A few better utterances we may glean, if we try. "Benevolence is the tranquil habitation of man, and righteousness is his straight path."-" While you are not able to serve men, how can you serve the spirits?"-"When neither a premature death nor long life causes a man any double-mindedness, but he waits the issue, busy with self-culture, this is the way in which he establishes his ordained being." Dr. Legge writes "Heaven-ordained;" but we strike out the adjective, which has no justification in the text. These are truths stated with wearisome and circuitous involution. Not thus do the barbed arrows of the old Hebrews strike home.

His

sublimest utterance reminds us of Socrates. "To whom will you sacrifice?" said the disciples of Confucius, when the shadows of death fell. "I have already worshipped," was the simple answer. Socrates did not feel death, but perceived the New Life. "Now, my friends," he said, dying, to those who had doubtless pressed a similar request," Now, we owe a cock to Esculapius." The hold which Confucius has upon the Chinese people he owes to their stationary civilization, their immobile character. Let a new life once stir within the dry skin, let the vessel shiver, and the precious juice be spilled, and every temple to Confucius will die out of sight with the old usages, and his name be lost out of the memories of the people. We must look back to perceive him. He has not a fibre in common with the future. Yet his life will have interest and point, if too much be not claimed for it. We welcome these editions of the Chinese classics. They will do much to disabuse a certain class of critics of their errors. In the clear light of facts, theories will get their own ghastly color.

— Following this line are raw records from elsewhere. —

(* Let $(X,d)$ be a separable metric space, $T\colon X\to X$ a Borel measurable map and $\mu$ a $T$-invariant Borel probability measure such that $(X,T,\mu)$ is weakly mixing. Let $(s_n)_{n\ge1}$ be a two-jumpy scale sequence. Then the proximality gauge $\psi(x,y)=\liminf_{n\to\infty} s_n\, d(T^nx,T^ny)$ satisfies either $\psi=0$ for $\mu\times\mu$-a.e. $(x,y)$, or $\psi=\infty$ for $\mu\times\mu$-a.e. $(x,y)$.
   Context: A scale sequence is a sequence $(s_n)_{n\ge1}$ of positive reals with $s_n\to\infty$; it is two-jumpy if $s_{n+1}\ge s_n$ for all large $n$ and $\liminf_n s_{2n}/s_n>1$. Weakly mixing means $T\times T$ is ergodic with respect to $\mu\times\mu$. *)

From HB Require Import structures.
From mathcomp Require Import all_boot all_order all_algebra.
From mathcomp Require Import all_classical all_reals all_analysis.
Set Implicit Arguments. Unset Strict Implicit. Unset Printing Implicit Defensive.
Import Order.TTheory GRing.Theory Num.Theory.
Local Open Scope classical_set_scope.
Local Open Scope ring_scope.

Definition is_metric (R : realType) (X : Type) (dist : X -> X -> R) : Prop :=
  [/\ forall x y, 0 <= dist x y,
      forall x y, dist x y = 0 <-> x = y,
      forall x y, dist x y = dist y x &
      forall x y z, dist x z <= dist x y + dist y z].

Definition metric_open (R : realType) (X : Type) (dist : X -> X -> R)
  (A : set X) : Prop :=
  forall x, A x -> exists2 e : R, 0 < e & [set y | dist x y < e] `<=` A.

Definition metric_separable (R : realType) (X : Type) (dist : X -> X -> R) : Prop :=
  exists D : set X, countable D /\
    forall x (e : R), 0 < e -> exists2 y, D y & dist x y < e.

Definition borel_for (R : realType) d (X : measurableType d)
  (dist : X -> X -> R) : Prop :=
  (@measurable d X) = <<s metric_open dist >>.

Definition measure_preserving (R : realType) d (Y : measurableType d)
  (m : set Y -> \bar R) (S : Y -> Y) : Prop :=
  measurable_fun setT S /\
  forall A, measurable A -> m (S @^-1` A) = m A.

Of the Four Books, the second is now commonly attributed to Tsung Sin, his disciple; and the third is the work of a grandson of Confucius, Kung Keih. It will be perceived, that, dull as the Chinese may be, they have already begun to criticise their sacred books as we criticise the Pentateuch; to correct tradition, and judge for themselves of the divine right of their sage.

Among the classics called Confucian, but much later than the time of Confucius, we find occasionally things that remind us of Emerson. "Let superiors live in harmony; inferiors, in concord."-"Sow first on the southern hill-side."-"Ears line the walls of your chamber."-" When admonished or satirized, examine yourself."-"He who receives no guest will seldom find a host." "Friends at hand are better than relatives far away."-"The slow horse must feel the lash." "He would hide his track, yet he walks on the snow."-" Only the naked fear the light."—"If the escort go a thousand miles, it shall leave you at last!" Even in China, some women contrive to get an education; and among them the wife of

Commissioner Lin, whose duty it was in 1838 "to punish the consumers of opium." Commissioner Lin was a poet, but he has penetrated farther into the middle ages than Browning. We of the nineteenth century lose sight of him. His verses do not offer us one line. His love for his wife touches the human heart in us, in spite of the dull level of the page which records it. The tablet literature of China is little known to Europeans; but the whole country is filled with inscriptions, one day to be translated. Specimens may be found in the Proceedings of the Royal Asiatic Society for 1855. Confucius and Mencius were both born in the king. dom of Loo. At Tsow-hien are tablets in memory of both. There is also, a statue of Mencius, showing a man, thoughtful, resolute, and outspoken, who had known trial. It is curious that Mencius inscribed on his father's tablet these words: "The spirit's resting-place." The mother of Mencius was a famous woman, who cut a web she was weaving, to prove to him the folly of idleness, and left a costly house because a neighboring butcher steeled his childish heart. Mencius gave her a superb funeral; and the story of the web is exhibited on one of her tablets.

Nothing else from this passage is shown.